Every line from the one containing "rewrite -(big_mkord xpredT" to the one containing "apply: (@le_trans _" in the records below, both included, must be set down exactly, and no other line.

(Extracted data)

(* Let $\mathcal{G}$ be a connected $k$-uniform hypergraph with $n$ vertices. Then for every $j\in V(\mathcal{G})$, \[ {\rm ecc}(j)\geq \frac{k}{2(k-1)(n-1)\alpha_j(\mathcal{G})}. \]
   Context: A $k$-uniform hypergraph $\mathcal{G}$ has vertex set $V(\mathcal{G})=[n]$ and edge set $E(\mathcal{G})$ of $k$-element subsets of $V(\mathcal{G})$. A path of length $l$ is an alternating sequence $v_0e_1v_1\cdots e_lv_l$ of distinct vertices and distinct edges with $v_{i-1},v_i\in e_i$; $\mathcal{G}$ is connected if any two vertices are joined by a path. The distance $d(u,v)$ is the length of a shortest path between $u$ and $v$, and ${\rm ecc}(v)=\max_{u\in V(\mathcal{G})}d(u,v)$. For $\mathbf{x}\in\mathbb{R}^n$, $\mathcal{L}_\mathcal{G}\mathbf{x}^k=\sum_{\{i_1,\ldots,i_k\}\in E(\mathcal{G})}\left(x_{i_1}^k+\cdots+x_{i_k}^k-k\,x_{i_1}\cdots x_{i_k}\right)$, and the inverse Perron value of vertex $j$ is $\alpha_j(\mathcal{G})=\min\{\mathcal{L}_\mathcal{G}\mathbf{x}^k : \mathbf{x}\in\mathbb{R}^n_+,\ \sum_{i=1}^n x_i^k=1,\ x_j=0\}$. *)

From HB Require Import structures.
From mathcomp Require Import all_boot all_order all_algebra.
From mathcomp Require Import boolp classical_sets reals.
Set Implicit Arguments. Unset Strict Implicit. Unset Printing Implicit Defensive.
Import Order.TTheory GRing.Theory Num.Theory.
Local Open Scope classical_set_scope.
Local Open Scope ring_scope.

Definition k_uniform (n k : nat) (E : {set {set 'I_n}}) : Prop :=
  forall e, e \in E -> #|e| = k.

(* A path of length l = size es from u to v: an alternating sequence
   v_0 e_1 v_1 ... e_l v_l (vs = [v_0;...;v_l], es = [e_1;...;e_l]) of
   distinct vertices and distinct edges of E with v_{i-1}, v_i \in e_i.
   (The default x0 of nth is irrelevant since all indices are in range.) *)
Definition is_hpath (n : nat) (E : {set {set 'I_n}})
    (vs : seq 'I_n) (es : seq {set 'I_n}) : Prop :=
  [/\ size vs = (size es).+1, uniq vs, uniq es,
      all (fun e => e \in E) es &
      forall (x0 : 'I_n) (i : nat), (i < size es)%N ->
        (nth x0 vs i \in nth finset.set0 es i) /\ (nth x0 vs i.+1 \in nth finset.set0 es i)].

Definition has_path_len (n : nat) (E : {set {set 'I_n}}) (u v : 'I_n) (l : nat)
  : Prop :=
  exists vs es, [/\ is_hpath E vs es, size es = l,
                    head u vs = u & last u vs = v].

Definition hconnected (n : nat) (E : {set {set 'I_n}}) : Prop :=
  forall u v : 'I_n, exists l, has_path_len E u v l.

(* d(u,v): the length of a shortest path between u and v (0 if none exists,
   which never happens for connected hypergraphs). *)
Definition hdist (n : nat) (E : {set {set 'I_n}}) (u v : 'I_n) : nat :=
  match pselect (exists l, `[< has_path_len E u v l >]) with
  | left H => ex_minn H
  | right _ => 0%N
  end.

Definition ecc (n : nat) (E : {set {set 'I_n}}) (v : 'I_n) : nat :=
  \max_(u : 'I_n) hdist E u v.

Definition lapform {R : realType} (n k : nat) (E : {set {set 'I_n}})
    (x : 'I_n -> R) : R :=
  \sum_(e in E) (\sum_(i in e) x i ^+ k - k%:R * \prod_(i in e) x i).

(* alpha_j(G) = min { L_G x^k : x in R^n_+, sum x_i^k = 1, x_j = 0 };
   the minimum is attained (compact feasible set), so it equals the infimum. *)
Definition alpha {R : realType} (n k : nat) (E : {set {set 'I_n}}) (j : 'I_n)
  : R :=
  inf [set lapform k E x | x in
        [set x : 'I_n -> R | (forall i, 0 <= x i) /\
                             \sum_i x i ^+ k = 1 /\ x j = 0]].

From HB Require Import structures.
From mathcomp Require Import all_boot all_order all_algebra.
From mathcomp Require Import boolp classical_sets reals.
From mathcomp Require Import ring lra.
Import Order.TTheory GRing.Theory Num.Theory.
Local Open Scope ring_scope.
Set Implicit Arguments. Unset Strict Implicit.

(* Write y_i for x_i^(k/2).  For an edge e containing a and b, replacing x_a
   and x_b by their geometric mean leaves the product over e unchanged and
   lowers the sum of k-th powers over e by exactly (y_a - y_b)^2, so AM-GM
   bounds (y_a - y_b)^2 by the contribution of e to L_G x^k.  When x_j = 0,
   telescoping along a shortest path from i to j, Cauchy-Schwarz and the
   distinctness of its edges give x_i^k <= d(i, j) L_G x^k.  Summing over the
   n - 1 vertices i <> j yields alpha_j >= 1 / ((n - 1) ecc(j)), which is
   stronger than the claim because k <= 2 (k - 1). *)

Section SumInequalities.
Variable R : realDomainType.

Lemma sqr_sum_le_card_sum_sqr (T : finType) (F : T -> R) :
  (\sum_i F i) ^+ 2 <= #|T|%:R * \sum_i F i ^+ 2.
Proof.
set S := \sum_i F i; set Q := \sum_i F i ^+ 2; set d : R := #|T|%:R.
have [T0|T_gt0] := posnP #|T|.
  have -> : S = 0 by rewrite /S big_pred0 // => i; apply: (card0_eq T0).
  by rewrite expr0n mulr_ge0 ?ler0n ?sumr_ge0 // => i _; apply: sqr_ge0.
have variance : \sum_i (F i * d - S) ^+ 2 = d * (d * Q - S ^+ 2).
  under eq_bigr do rewrite sqrrB exprMn.
  rewrite big_split sumrB /= sumrMnl -!mulr_suml sumr_const -/S -/Q.
  rewrite -[_ *+ #|_|]mulr_natr -/d; ring.
rewrite -subr_ge0 -(pmulr_rge0 _ (_ : 0 < d)) ?ltr0n // -variance.
by apply: sumr_ge0 => i _; apply: sqr_ge0.
Qed.

Lemma sum_uniq_le_sum (T : finType) (A : {pred T}) (s : seq T) (F : T -> R) :
  uniq s -> {subset s <= A} -> {in A, forall i, 0 <= F i} ->
  \sum_(i <- s) F i <= \sum_(i in A) F i.
Proof.
move=> s_uniq sA F_ge0; rewrite big_uniq // (bigID (mem s) A) /=.
have -> : \sum_(i in A | i \in s) F i = \sum_(i in s) F i.
  by apply: eq_bigl => i; rewrite andbC; case: (boolP (i \in s)) => // /sA ->.
by rewrite lerDl sumr_ge0 // => i /andP[/F_ge0].
Qed.

End SumInequalities.

Lemma AGM_sum_pow (R : numFieldType) (T : finType) (A : {pred T}) (z : T -> R) :
  {in A, forall i, 0 <= z i} ->
  #|A|%:R * \prod_(i in A) z i <= \sum_(i in A) z i ^+ #|A|.
Proof.
move=> z_ge0; set k := #|A|.
have [k0|k_gt0] := posnP k; first by rewrite k0 mul0r sumr_ge0 // => i /z_ge0; rewrite exprn_ge0.
have sum_ge0 : 0 <= \sum_(i in A) z i ^+ k by rewrite sumr_ge0 // => i /z_ge0/exprn_ge0.
have [+ _] := leif_AGM (fun i Ai => exprn_ge0 k (z_ge0 i Ai)).
rewrite -/k prodrXl ler_pXn2r ?nnegrE ?prodr_ge0 ?divr_ge0 //.
by rewrite ler_pdivlMr ?ltr0n // mulrC.
Qed.

Definition lapform_edge (R : numDomainType) (T : finType) (k : nat)
    (x : T -> R) (e : {set T}) : R :=
  \sum_(i in e) x i ^+ k - k%:R * \prod_(i in e) x i.

Section EdgeTerm.
Variables (R : rcfType) (T : finType) (k : nat) (x : T -> R) (e : {set T}).
Hypotheses (x_ge0 : forall i, 0 <= x i) (card_e : #|e| = k).

Lemma lapform_edge_ge0 : 0 <= lapform_edge k x e.
Proof. by rewrite subr_ge0 -card_e AGM_sum_pow. Qed.

Lemma sqr_sqrt_exp_sub_le_lapform_edge a b : a \in e -> b \in e ->
  (Num.sqrt (x a) ^+ k - Num.sqrt (x b) ^+ k) ^+ 2 <= lapform_edge k x e.
Proof.
move=> ae be; have [<-|ab] := eqVneq a b; first by rewrite subrr expr0n lapform_edge_ge0.
pose s := Num.sqrt (x a * x b).
pose z i := if (i == a) || (i == b) then s else x i.
have z_ge0 i : 0 <= z i by rewrite /z; case: ifP; rewrite ?sqrtr_ge0.
have big_ab idx (op : Monoid.com_law idx) F : \big[op/idx]_(i in e) F i =
    op (F a) (op (F b) (\big[op/idx]_(i in e :\ a :\ b) F i)).
  by rewrite (big_setD1 a) // (big_setD1 b) // !inE eq_sym ab.
have z_out i : i \in e :\ a :\ b -> z i = x i.
  by rewrite !inE /z => /and3P[/negbTE-> /negbTE-> _].
have := AGM_sum_pow (A := e) (fun i _ => z_ge0 i).
rewrite card_e !big_ab.
have -> : \sum_(i in e :\ a :\ b) z i ^+ k = \sum_(i in e :\ a :\ b) x i ^+ k.
  by apply: eq_bigr => i /z_out ->.
rewrite /lapform_edge !big_ab (eq_bigr _ z_out) /z eqxx /= eqxx orbT.
set ya := Num.sqrt (x a) ^+ k; set yb := Num.sqrt (x b) ^+ k.
have ss : s * s = x a * x b by rewrite -expr2 sqr_sqrtr ?mulr_ge0.
have sk : s ^+ k = ya * yb by rewrite /s sqrtrM // exprMn.
have ya2 : x a ^+ k = ya ^+ 2 by rewrite /ya exprAC sqr_sqrtr.
have yb2 : x b ^+ k = yb ^+ 2 by rewrite /yb exprAC sqr_sqrtr.
rewrite sk ya2 yb2 [s * (s * _)]mulrA ss -mulrA.
lra.
Qed.

End EdgeTerm.

Lemma has_path_len_hdist n (E : {set {set 'I_n}}) u v :
  hconnected E -> has_path_len E u v (hdist E u v).
Proof.
move=> E_conn; rewrite /hdist; case: pselect => [ex_path|no_path].
  by case: ex_minnP => l /asboolP.
by have [l uv_l] := E_conn u v; case: no_path; exists l; apply/asboolP.
Qed.

Section Hypergraph.
Variables (R : realType) (n k : nat) (E : {set {set 'I_n}}).
Hypothesis E_uniform : k_uniform k E.

Lemma lapformE (x : 'I_n -> R) : lapform k E x = \sum_(e in E) lapform_edge k x e.
Proof. by []. Qed.

Lemma lapform_ge0 (x : 'I_n -> R) : (forall i, 0 <= x i) -> 0 <= lapform k E x.
Proof.
by move=> x_ge0; rewrite lapformE sumr_ge0 // => e /E_uniform; apply: lapform_edge_ge0.
Qed.

Lemma sqr_sqrt_exp_sub_le_path_lapform (x : 'I_n -> R) u v l :
  (forall i, 0 <= x i) -> has_path_len E u v l ->
  (Num.sqrt (x v) ^+ k - Num.sqrt (x u) ^+ k) ^+ 2 <= l%:R * lapform k E x.
Proof.
move=> x_ge0 [vs [es [[size_vs _ es_uniq es_E es_adj] <- head_vs last_vs]]].
pose y i := Num.sqrt (x (nth u vs i)) ^+ k.
have -> : Num.sqrt (x v) ^+ k - Num.sqrt (x u) ^+ k = \sum_(i < size es) (y i.+1 - y i).
  rewrite -(big_mkord xpredT (fun i => y i.+1 - y i)) telescope_sumr // /y nth0 head_vs.
  by rewrite -[X in nth _ _ X]/((size es).+1.-1) -size_vs nth_last last_vs.
apply: le_trans (sqr_sum_le_card_sum_sqr _) _; rewrite card_ord ler_wpM2l //.
apply: (@le_trans _ _ (\sum_(i < size es) lapform_edge k x (nth finset.set0 es i))).
  apply: ler_sum => i _; have [in_i in_Si] := es_adj u i (ltn_ord i).
  have e_in : nth finset.set0 es i \in E by apply: (allP es_E); rewrite mem_nth.
  exact: sqr_sqrt_exp_sub_le_lapform_edge x_ge0 (E_uniform e_in) _ _ in_Si in_i.
have -> : \sum_(i < size es) lapform_edge k x (nth finset.set0 es i) =
          \sum_(e <- es) lapform_edge k x e by rewrite (big_nth finset.set0) big_mkord.
rewrite lapformE; apply: sum_uniq_le_sum => // [e /(allP es_E) //|e /E_uniform].
exact: lapform_edge_ge0.
Qed.

Hypotheses (k_gt0 : (0 < k)%N) (E_conn : hconnected E).

Lemma one_le_ecc_lapform (j : 'I_n) (x : 'I_n -> R) :
  (forall i, 0 <= x i) -> \sum_i x i ^+ k = 1 -> x j = 0 ->
  1 <= (n.-1)%:R * (ecc E j)%:R * lapform k E x.
Proof.
move=> x_ge0 x_normed xj0.
have vertex_bound i : x i ^+ k <= (ecc E j)%:R * lapform k E x.
  have := sqr_sqrt_exp_sub_le_path_lapform x_ge0 (has_path_len_hdist i j E_conn).
  rewrite xj0 sqrtr0 expr0n (gtn_eqF k_gt0) sub0r sqrrN exprAC sqr_sqrtr // => /le_trans; apply.
  by rewrite ler_wpM2r ?lapform_ge0 // ler_nat (leq_bigmax i).
rewrite -[X in X <= _]x_normed (bigD1 j) //= xj0 expr0n (gtn_eqF k_gt0) add0r -mulrA.
apply: le_trans (ler_sum _ (fun i _ => vertex_bound i)) _.
by rewrite sumr_const cardC1 card_ord [leRHS]mulr_natl.
Qed.

Lemma one_le_ecc_alpha (j : 'I_n) : (1 < n)%N ->
  1 <= (n.-1)%:R * (ecc E j)%:R * alpha (R:=R) k E j.
Proof.
move=> n_gt1; set c := (n.-1)%:R * (ecc E j)%:R.
have /card_gt0P[i0 /negbTE i0j] : (0 < #|predC1 j|)%N.
  by rewrite cardC1 card_ord -ltnS prednK // ltnW.
pose x0 i : R := (i == i0)%:R.
have x0_ge0 i : 0 <= x0 i by apply: ler0n.
have x0_normed : \sum_i x0 i ^+ k = 1.
  rewrite (bigD1 i0) //= big1 => [|i /negbTE i_ne]; first by rewrite /x0 eqxx expr1n addr0.
  by rewrite /x0 i_ne expr0n (gtn_eqF k_gt0).
have x0j0 : x0 j = 0 by rewrite /x0 eq_sym i0j.
have c_gt0 : 0 < c.
  have := one_le_ecc_lapform x0_ge0 x0_normed x0j0; rewrite -/c lt_def mulr_ge0 ?andbT //.
  by apply: contraTneq => ->; rewrite mul0r ler10.
rewrite -ler_pdivrMl // mulr1.
apply: lb_le_inf; first by exists (lapform k E x0), x0.
move=> _ [x [x_ge0 [x_normed xj0]] <-].
by rewrite -[c^-1]mulr1 ler_pdivrMl //; apply: one_le_ecc_lapform.
Qed.

End Hypergraph.

Theorem theorem3p4 (R : realType) (n k : nat) (E : {set {set 'I_n}}) :
  (2 <= k)%N -> k_uniform k E -> hconnected E ->
  forall j : 'I_n,
    k%:R / (2 * (k.-1)%:R * (n.-1)%:R * alpha (R:=R) k E j) <= (ecc E j)%:R :> R.
Proof.
move=> k_ge2 E_uniform E_conn j; have k_gt0 : (0 < k)%N by apply: ltnW.
have [n_le1|n_gt1] := leqP n 1.
  have -> : n.-1 = 0%N by case: (n) n_le1 => [|[]].
  by rewrite mulr0 mul0r invr0 mulr0.
have := one_le_ecc_alpha R E_uniform k_gt0 E_conn j n_gt1.
set N := (n.-1)%:R; set M := (ecc E j)%:R; set A := alpha _ _ _ => one_le_NMA.
have NM_ge0 : 0 <= N * M by rewrite mulr_ge0 ?ler0n.
have A_gt0 : 0 < A by nra.
have K_ge1 : 1 <= (k.-1)%:R :> R by rewrite ler1n -ltnS prednK.
have -> : k%:R = (k.-1)%:R + 1 :> R by rewrite natr1 prednK.
have N_gt0 : 0 < N by rewrite ltr0n -ltnS prednK // ltnW.
rewrite ler_pdivrMr; first nra.
by rewrite !mulr_gt0 // (lt_le_trans ltr01 K_ge1).
Qed.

(End Extracted data)

# Response area
  rewrite -(big_mkord xpredT (fun i => y i.+1 - y i)) telescope_sumr // /y nth0 head_vs.
  by rewrite -[X in nth _ _ X]/((size es).+1.-1) -size_vs nth_last last_vs.
apply: le_trans (sqr_sum_le_card_sum_sqr _) _; rewrite card_ord ler_wpM2l //.
apply: (@le_trans _ _ (\sum_(i < size es) lapform_edge k x (nth finset.set0 es i))).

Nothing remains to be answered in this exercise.